___ Data in this exercise ___

Lemma regular_preim (S T : finType) (h : T -> S) (L : seq S -> Prop) :
  regular L -> regular (fun w => L (map h w)).
Proof.
move=> [Q [q0 [d [F accF]]]]; exists Q, q0, (fun q a => d q (h a)), F => w.
rewrite accF; suff -> : forall q, foldl d q (map h w) = foldl (fun q a => d q (h a)) q w by [].
by elim: w => //= a w IHw q; rewrite IHw.
Qed.

Lemma regular_rev (S : finType) (L : seq S -> Prop) :
  regular L -> regular (fun w => L (rev w)).
Proof.
move=> [Q [q0 [d [F accF]]]].
pose back (X : {set Q}) a := [set q | d q a \in X].
have backE w : foldl back [set q | F q] w = [set q | F (foldl d q (rev w))].
  elim/last_ind: w => [|w a IHw]; apply/setP => q; first by rewrite !inE.
  by rewrite foldl_rcons rev_rcons !inE IHw inE.
exists {set Q}%type, [set q | F q], back, (fun X : {set Q} => q0 \in X) => w.
by rewrite accF /= backE inE.
Qed.

Section SubsetConstruction.
Variables (S Q : finType) (init : pred Q) (eps : rel Q)
  (step : Q -> S -> Q -> bool) (fin : pred Q).

Inductive accepts : Q -> seq S -> Prop :=
| accepts_fin q : fin q -> accepts q [::]
| accepts_eps q q' s : eps q q' -> accepts q' s -> accepts q s
| accepts_step q a q' s : step q a q' -> accepts q' s -> accepts q (a :: s).

Lemma accepts_connect q p s : connect eps q p -> accepts p s -> accepts q s.
Proof.
move=> /connectP [pth qp ->]; elim: pth q qp => //= r pth IHpth q /andP [eps_qr rp] acc.
exact: accepts_eps eps_qr (IHpth r rp acc).
Qed.

Lemma acceptsP q s : accepts q s ->
  exists2 p, connect eps q p &
    (s = [::] /\ fin p) \/ exists a s' q', [/\ s = a :: s', step p a q' & accepts q' s'].
Proof.
elim=> {q s} [q finq|q q' s eps_qq' _ [p q'p ?]|q a q' s ? ? _].
- by exists q => //; left.
- by exists p => //; apply: connect_trans (connect1 eps_qq') q'p.
- by exists q => //; right; exists a, s, q'.
Qed.

Definition eps_closure (X : {set Q}) : {set Q} :=
  [set q | [exists p in X, connect eps p q]].

Definition subset_step (X : {set Q}) (a : S) : {set Q} :=
  eps_closure [set q' | [exists p in X, step p a q']].

Lemma subset_run_accepts s (X : {set Q}) :
  [exists q in foldl subset_step (eps_closure X) s, fin q] <->
  exists2 q, q \in X & accepts q s.
Proof.
elim: s X => [|a s IHs] X /=.
  split=> [/existsP [q /andP []] | [q qX /acceptsP [p qp [[_ finp]|[? [? [? []]]]]]]] //.
    rewrite inE => /existsP [p /andP [pX pq] finq].
    by exists p => //; apply: accepts_connect pq (accepts_fin finq).
  by apply/existsP; exists p; rewrite finp andbT inE; apply/existsP; exists q; rewrite qX.
rewrite IHs; split=> [[q'] | [q qX /acceptsP [p qp [[//]|[b [s' [q' [[<- <-] pq' acc]]]]]]]].
  rewrite inE => /existsP [p /andP []]; rewrite inE.
  move=> /existsP [q /andP [qX qp]] pq' acc.
  by exists q => //; apply: accepts_connect qp (accepts_step pq' acc).
exists q' => //; rewrite inE; apply/existsP; exists p; rewrite pq' andbT inE.
by apply/existsP; exists q; rewrite qX.
Qed.

Lemma regular_accepts : regular (fun s => exists2 q, init q & accepts q s).
Proof.
exists {set Q}%type, (eps_closure [set q | init q]), subset_step,
  (fun X : {set Q} => [exists q in X, fin q]) => w.
by rewrite subset_run_accepts; split=> -[q]; rewrite ?inE => *; exists q; rewrite ?inE.
Qed.

End SubsetConstruction.
Lemma ohead_eq_None (T : eqType) (b : seq T) : (ohead b == None) = nilp b.
Proof. by case: b. Qed.

Section Padding.
Variable A : Type.
Implicit Types (u v : seq A) (x y : option A).

Lemma padR_cons a b u v : padR (a :: u) (b :: v) = (Some a, Some b) :: padR u v.
Proof. by rewrite /padR /= maxnSS !subSS. Qed.

Lemma padR_cons_nil a u : padR (a :: u) [::] = (Some a, None) :: padR u [::].
Proof. by rewrite /padR /= !maxn0 !subnn !subn0. Qed.

Lemma padR_nil_cons b v : padR [::] (b :: v) = (None, Some b) :: padR [::] v.
Proof. by rewrite /padR /= !max0n !subnn !subn0. Qed.

Lemma padR_unfold u v : padR u v =
  if nilp u && nilp v then [::] else (ohead u, ohead v) :: padR (behead u) (behead v).
Proof.
by case: u => [|a u]; case: v => [|b v]; rewrite ?padR_cons ?padR_cons_nil ?padR_nil_cons.
Qed.

Lemma padR_diag u : padR u u = map (fun a => (Some a, Some a)) u.
Proof. by elim: u => [|a u IHu] //; rewrite padR_cons IHu. Qed.

Definition ocons x u := if x is Some a then a :: u else u.

Lemma ocons_cat x u v : ocons x u ++ v = ocons x (u ++ v).
Proof. by case: x. Qed.
(* Let $\ell_1,\dots,\ell_T\in\mathbb{R}^{n+1}$ be the observed loss vectors (with $\ell_t\in\partial\varphi_t(w_t)$ for proper losses $\varphi_t$ on $\mathbb{R}^{n+1}$ with $\Delta^n\subseteq\operatorname{dom}\partial\varphi_t$), $\widehat{\ell}_t\in\mathbb{R}^{n+1}$ arbitrary predictions, $a\in\Delta^n$, and $\mathrm{Regret}(u,\dots,u)=\sum_{t=1}^T\varphi_t(w_t)-\sum_{t=1}^T\varphi_t(u)$. For $u\in\Delta^n$: (i) If $\eta_1\geqslant\dots\geqslant\eta_{T+1}>0$ and the learner plays $\widetilde{w}_t=\mathscr{N}\big(a\circ e^{-\eta_t\sum_{i=1}^{t-1}\ell_i}\big)$, $w_t=\mathscr{N}\big(\widetilde{w}_t\circ e^{-\eta_t\widehat{\ell}_t}\big)$, then \[\mathrm{Regret}(u,\dots,u)\leqslant\frac{1}{\eta_{T+1}}\Big\langle u,\ln\frac ua\Big\rangle+\sum_{t=1}^T\frac{1}{\eta_t}Q_2^\star\big(\eta_t\lVert\ell_t-\widehat{\ell}_t\rVert_\infty\big)-\sum_{t=1}^T\frac1{\eta_t}\Big\langle w_t,\ln\frac{w_t}{\widetilde{w}_t}\Big\rangle,\] and also \[\mathrm{Regret}(u,\dots,u)\leqslant\frac{1}{\eta_{T+1}}\Big\langle u,\ln\frac ua\Big\rangle+\sum_{t=1}^T\frac{1}{\eta_t}\Phi_{\eta_t}\big(\ell_t,\widehat{\ell}_t\big)-\sum_{t=1}^T\frac1{\eta_t}\Big\langle v_t,\ln\frac{v_t}{\widetilde{w}_t}\Big\rangle,\quad v_t=\mathscr{N}\big(\widetilde{w}_t\circ e^{-\eta_t\widehat{\ell}'_t}\big).\] (ii) If $0<\theta_1\leqslant\dots\leqslant\theta_T$ and the learner plays $\widetilde{w}_1=a$, $\widetilde{w}_t=\mathscr{N}\big(\widetilde{w}_{t-1}\circ e^{-\theta_{t-1}\ell_{t-1}}\big)$, $w_t=\mathscr{N}\big(\widetilde{w}_t\circ e^{-\theta_t\widehat{\ell}_t}\big)$, then \[\mathrm{Regret}(u,\dots,u)\leqslant\frac{1}{\theta_1}\Big\langle u,\ln\frac ua\Big\rangle+\sum_{t=1}^T\frac{1}{\theta_t}Q_2^\star\big(\theta_t\lVert\ell_t-\widehat{\ell}_t\rVert_\infty\big)-\sum_{t=1}^T\frac1{\theta_t}\Big\langle w_t,\ln\frac{w_t}{\widetilde{w}_t}\Big\rangle,\] and also \[\mathrm{Regret}(u,\dots,u)\leqslant\frac{1}{\theta_1}\Big\langle u,\ln\frac ua\Big\rangle+\sum_{t=1}^T\frac{1}{\theta_t}\Phi_{\theta_t}\big(\ell_t,\widehat{\ell}_t\big)-\sum_{t=1}^T\frac1{\theta_t}\Big\langle v_t,\ln\frac{v_t}{\widetilde{w}_t}\Big\rangle,\quad v_t=\mathscr{N}\big(\widetilde{w}_t\circ e^{-\theta_t\widehat{\ell}'_t}\big).\]
   Context: $\Delta^n=\{w\in\mathbb{R}^{n+1}:w\geqslant0,\sum_iw_i=1\}$; $\circ$ is the entrywise product, exponentials/logarithms/ratios are entrywise; $\mathscr{N}(v)=v/\sum_iv_i$; $\langle u,\ln\frac ua\rangle=\sum_iu_i\ln\frac{u_i}{a_i}$ with $0\ln(0/\cdot)=0$ (and $+\infty$ if $u_i>0=a_i$). $Q_\rho^\star(\varkappa)=\frac12\varkappa^2-\frac12(\lvert\varkappa\rvert-\rho)_+^2$ with $x_+=\max\{x,0\}$. $\widehat{\ell}'_t=\lambda\widehat{\ell}_t+(1-\lambda)\ell_t$ with $\lambda=\min\{\lVert\ell_t\rVert_\infty/\lVert\ell_t-\widehat{\ell}_t\rVert_\infty,1\}$ (any $\lambda$ if $\ell_t=\widehat{\ell}_t$). For $\xi>0$ and $\rho=2$, $\Phi_\xi(x^*,\widehat{x}^* )=Q_\rho^\star\big(\xi\min\{\lVert x^*-\widehat{x}^*\rVert_\infty,\lVert x^*\rVert_\infty\}\big)+\xi\lVert x^*\rVert_\infty\min\{\xi(\lVert x^*-\widehat{x}^*\rVert_\infty-\lVert x^*\rVert_\infty)_+,\rho\}$. Subdifferential of a proper function: usual convex-analysis subdifferential. *)

From HB Require Import structures.
From mathcomp Require Import all_boot all_order all_algebra.
From mathcomp Require Import all_classical all_reals all_analysis.
Set Implicit Arguments. Unset Strict Implicit. Unset Printing Implicit Defensive.
Import Order.TTheory GRing.Theory Num.Theory.
Local Open Scope ring_scope.
(* Let $P$ be a Banach measure on $\mathbf{N}$. Define $g:\mathbf{N}\times\mathbf{N}\to\mathbb{R}$ by $g(\omega_1,\omega_2)=1$ if $\xi_{\omega_1}(\omega_2)\equiv 0\pmod 2$ and $g(\omega_1,\omega_2)=0$ otherwise. Assume the Collatz conjecture holds. Then $g\in\mathcal{G}$, i.e. $$\int_{\mathbf{N}}\Big(\int_{\mathbf{N}} g(\omega_1,\omega_2)\,dP(\omega_2)\Big)dP(\omega_1)=\int_{\mathbf{N}}\Big(\int_{\mathbf{N}} g(\omega_1,\omega_2)\,dP(\omega_1)\Big)dP(\omega_2)$$ (both being equal to $2/3$).
   Context: $\mathbf{N}=\{1,2,3,\dots\}$. A Banach measure is a finitely additive probability measure $P$ defined on all subsets of $\mathbf{N}$ that is shift-invariant: $P(X+1)=P(X)$ for all $X\subseteq\mathbf{N}$, where $X+1=\{x+1:x\in X\}$. For bounded $f:\mathbf{N}\to\mathbb{R}$, $\int f\,dP$ is the integral with respect to the finitely additive measure $P$ (the unique positive linear functional on bounded functions with $\int 1_A\,dP=P(A)$). $\mathcal{G}$ denotes the class of functions $f:\mathbf{N}\times\mathbf{N}\to\mathbb{R}$ for which the two iterated integrals $\int(\int f(\omega_1,\omega_2)\,dP(\omega_2))dP(\omega_1)$ and $\int(\int f(\omega_1,\omega_2)\,dP(\omega_1))dP(\omega_2)$ are equal. The Collatz map $\xi:\mathbf{N}\to\mathbf{N}$ is $\xi(\omega)=\omega/2$ if $\omega$ is even and $\xi(\omega)=3\omega+1$ if $\omega$ is odd; $\xi_n$ is its $n$-fold iterate. The Collatz conjecture is the statement: for every $\omega\in\mathbf{N}$ there exists $n$ with $\xi_n(\omega)=1$. *)

(* classical reals. N = {1,2,3,...} is modelled by Stdlib's [positive]. *)
From Stdlib Require Import Reals PArith.
Open Scope R_scope.

Definition pset := positive -> Prop.

Definition shift1 (X : pset) : pset := fun y => exists x, X x /\ y = Pos.succ x.

Definition banach_measure (P : pset -> R) : Prop :=
  (forall X, 0 <= P X) /\
  P (fun _ => True) = 1 /\
  (forall X Y : pset, (forall x, X x -> Y x -> False) ->
      P (fun x => X x \/ Y x) = P X + P Y) /\
  (forall X, P (shift1 X) = P X).

Definition bounded (f : positive -> R) : Prop :=
  exists M, forall x, Rabs (f x) <= M.

(* [I] is the integral w.r.t. P: a positive linear functional on the bounded
   functions with I(1_A) = P(A) for every A (this determines I uniquely on
   bounded functions; its values on unbounded functions are irrelevant). *)
Definition is_integral (P : pset -> R) (I : (positive -> R) -> R) : Prop :=
  (forall f g, bounded f -> bounded g -> I (fun x => f x + g x) = I f + I g) /\
  (forall (c : R) f, bounded f -> I (fun x => c * f x) = c * I f) /\
  (forall f, bounded f -> (forall x, 0 <= f x) -> 0 <= I f) /\
  (forall (A : pset) (f : positive -> R),
      (forall x, (A x -> f x = 1) /\ (~ A x -> f x = 0)) -> I f = P A).

Definition pos_even (p : positive) : bool :=
  match p with xO _ => true | _ => false end.

Definition collatz (w : positive) : positive :=
  if pos_even w then Pos.div2 w else (3 * w + 1)%positive.

Definition collatz_iter (n : nat) (w : positive) : positive := Nat.iter n collatz w.

Definition collatz_conjecture : Prop :=
  forall w : positive, exists n : nat, collatz_iter n w = 1%positive.

Definition gfun (w1 w2 : positive) : R :=
  if pos_even (collatz_iter (Pos.to_nat w1) w2) then 1 else 0.
Lemma step_colouring (p00 : P) : exists c', colouring_from s c'.
Proof.
have [g [gM gF]] := missing_matching p00.
exists (recolour g); split.
- exact: recolour_avoid.
- exact: recolour_hits.
- by move=> _; exact: recolour_forced.
Qed.

End Step.

Lemma triangular_colouring (p00 : P) : exists c : P -> 'I_k,
   (forall p (t : nat), t < k -> p \in Z t -> c p != t :> nat) /\
   (forall s t, t < s -> s < k -> exists2 p, p \in Z s & c p == t :> nat).
Proof.
suff [c [c_avoid c_hits _]] : exists c, colouring_from 0 c.
  exists c; split; last by move=> s t ts sk; apply: c_hits.
  by move=> p t tk pt; apply: c_avoid => //; apply/existsP; exists (Ordinal tk); rewrite pt.
suff : forall j, j <= k -> exists c, colouring_from (k - j) c by move/(_ k (leqnn k)); rewrite subnn.
elim=> [_|j IH jk].
  exists (fun _ => Ordinal k_gt0); rewrite subn0; split.
  - by move=> p t tk pt /existsP[u /andP[ku _]]; move: (ltn_ord u); rewrite ltnNge ku.
  - by move=> u t ku uk; move: uk; rewrite ltnNge ku.
  - by rewrite ltnn.
have [c Hc] := IH (ltnW jk).
have e : k - j = (k - j.+1).+1 by lia.
rewrite e in Hc; apply: step_colouring Hc p00; lia.
Qed.

End TriangularColouring.

Lemma perm3 (T : finType) (a b c i j l : T) :
  a != b -> a != c -> b != c -> i != j -> i != l -> j != l ->
  exists s : {perm T}, [/\ s i = a, s j = b & s l = c].
Proof.
move=> ab ac bc ij il jl.
pose s1 := tperm i a.
pose s2 := tperm (s1 j) b.
have s1ja : s1 j != a by rewrite -[a](tpermL i a) (inj_eq perm_inj) eq_sym.
have s12i : (s1 * s2)%g i = a by rewrite permM tpermL tpermD // eq_sym.
have s12j : (s1 * s2)%g j = b by rewrite permM tpermL.
pose s3 := tperm ((s1 * s2)%g l) c.
have la : (s1 * s2)%g l != a by rewrite -s12i (inj_eq perm_inj) eq_sym.
have lb : (s1 * s2)%g l != b by rewrite -s12j (inj_eq perm_inj) eq_sym.
exists (s1 * s2 * s3)%g; split.
- by rewrite permM s12i tpermD // eq_sym.
- by rewrite permM s12j tpermD // eq_sym.
- by rewrite permM tpermL.
Qed.

Section RowOrder.
Variables (P : finType) (k : nat) (Z : 'I_k -> {set P}).
Hypothesis k_gt0 : 0 < k.
Hypothesis card_Z : forall i, #|Z i| = k.-1.
Hypothesis meet_Z : forall i j, i != j -> #|Z i :&: Z j| <= 1.
Hypothesis cover : forall p, exists i, p \notin Z i.

Definition ordS (s : nat) : 'I_k := insubd (Ordinal k_gt0) s.

Lemma ordSK (s : nat) : s < k -> val (ordS s) = s.
Proof. by move=> sk; rewrite /ordS val_insubd sk. Qed.

Lemma ordS_inj s t : s < k -> t < k -> ordS s = ordS t -> s = t.
Proof. by move=> sk tk e; rewrite -(ordSK sk) -(ordSK tk) e. Qed.

Lemma ordS_val (t : 'I_k) : ordS t = t.
Proof. by apply: val_inj; rewrite ordSK. Qed.

Definition good_order (r : {perm 'I_k}) : Prop :=
  (2 < k -> forall p, p \in Z (r (ordS 0)) -> p \in Z (r (ordS 1)) -> p \in Z (r (ordS 2)) -> False) /\
  (1 < k -> (forall p, p \in Z (r (ordS 0)) -> p \in Z (r (ordS 1)) -> False) \/
            (2 < k /\ exists q, (q \in Z (r (ordS 1))) && (q \in Z (r (ordS k.-1))))).

(* At most two rows: the identity order works, since no point lies in all rows. *)
Lemma good_order_small : k <= 2 -> good_order 1.
Proof.
move=> k2; split=> [|_]; first by lia.
left => p; rewrite !perm1 => p0 p1.
have [i pi] := cover p.
have ik : nat_of_ord i < 2 by have := ltn_ord i; lia.
move: pi; rewrite -(ordS_val i).
by case: (nat_of_ord i) ik => [|[|]] //= _; rewrite ?p0 ?p1.
Qed.

Lemma ordS012 : 2 < k -> [/\ ordS 0 != ordS 1, ordS 0 != ordS 2 & ordS 1 != ordS 2].
Proof.
move=> k3; have o0 : 0 < k by lia.
have o1 : 1 < k by lia.
by split; apply/eqP => /ordS_inj; [move/(_ o0 o1) | move/(_ o0 k3) | move/(_ o1 k3)].
Qed.

(* Two disjoint rows are put first. *)
Lemma good_order_disjoint a b : 2 < k -> a != b -> [disjoint Z a & Z b] ->
  exists r, good_order r.
Proof.
move=> k3 ab dab; have [o01 o02 o12] := ordS012 k3.
have [c [ca cb]] : exists c, c != a /\ c != b.
  case: (eqVneq (ordS 0) a) => [e0|n0]; last first.
    case: (eqVneq (ordS 0) b) => [e0'|n0']; last by exists (ordS 0).
    case: (eqVneq (ordS 1) a) => [e1|n1]; last by exists (ordS 1); split => //; rewrite -e0' eq_sym.
    by exists (ordS 2); split; [rewrite -e1 eq_sym | rewrite -e0' eq_sym].
  case: (eqVneq (ordS 1) b) => [e1|n1]; last by exists (ordS 1); split => //; rewrite -e0 eq_sym.
  by exists (ordS 2); split; [rewrite -e0 eq_sym | rewrite -e1 eq_sym].
have [r [r0 r1 _]] := perm3 ab (ltac:(by rewrite eq_sym) : a != c)
  (ltac:(by rewrite eq_sym) : b != c) o01 o02 o12.
have nab p : p \in Z a -> p \in Z b -> False.
  by move=> pa pb; move: (in_set0 p); rewrite -(disjoint_setI0 dab) inE pa pb.
exists r; split; first by move=> _ p; rewrite r0 r1 => pa pb _; apply: (nab p).
by move=> _; left => p; rewrite r0 r1; apply: nab.
Qed.

(* If all rows meet, rows 0 and 1 share a point that row 2 misses; then
   rows 1 and k-1 also share a point. *)
Lemma good_order_meeting : 2 < k ->
  (forall a b, a != b -> exists p, (p \in Z a) && (p \in Z b)) -> exists r, good_order r.
Proof.
move=> k3 nd; have [o01 o02 o12] := ordS012 k3.
have [p0 /andP[p0a p0b]] := nd _ _ o01.
have [c pc] := cover p0.
have ca : ordS 0 != c by apply: contraNneq pc => <-.
have cb : ordS 1 != c by apply: contraNneq pc => <-.
have [r [r0 r1 r2]] := perm3 o01 ca cb o01 o02 o12.
exists r; split.
  move=> _ p; rewrite r0 r1 r2 => pa pb pcc.
  have e : p = p0 by apply: (card_le1_eqP (meet_Z o01)); rewrite inE ?pa ?pb ?p0a ?p0b.
  by move: pc; rewrite -e pcc.
move=> _; right; split => //.
have o1 : 1 < k by lia.
have kk : k.-1 < k by lia.
have ne : r (ordS 1) != r (ordS k.-1).
  rewrite (inj_eq perm_inj); apply/eqP => /(ordS_inj o1 kk); lia.
exact: nd _ _ ne.
Qed.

___

_Brief_. The lines that contain the word "rows" are wanted; copy each of them from the records.

_Solution for this problem_.
(* At most two rows: the identity order works, since no point lies in all rows. *)
(* Two disjoint rows are put first. *)
(* If all rows meet, rows 0 and 1 share a point that row 2 misses; then
   rows 1 and k-1 also share a point. *)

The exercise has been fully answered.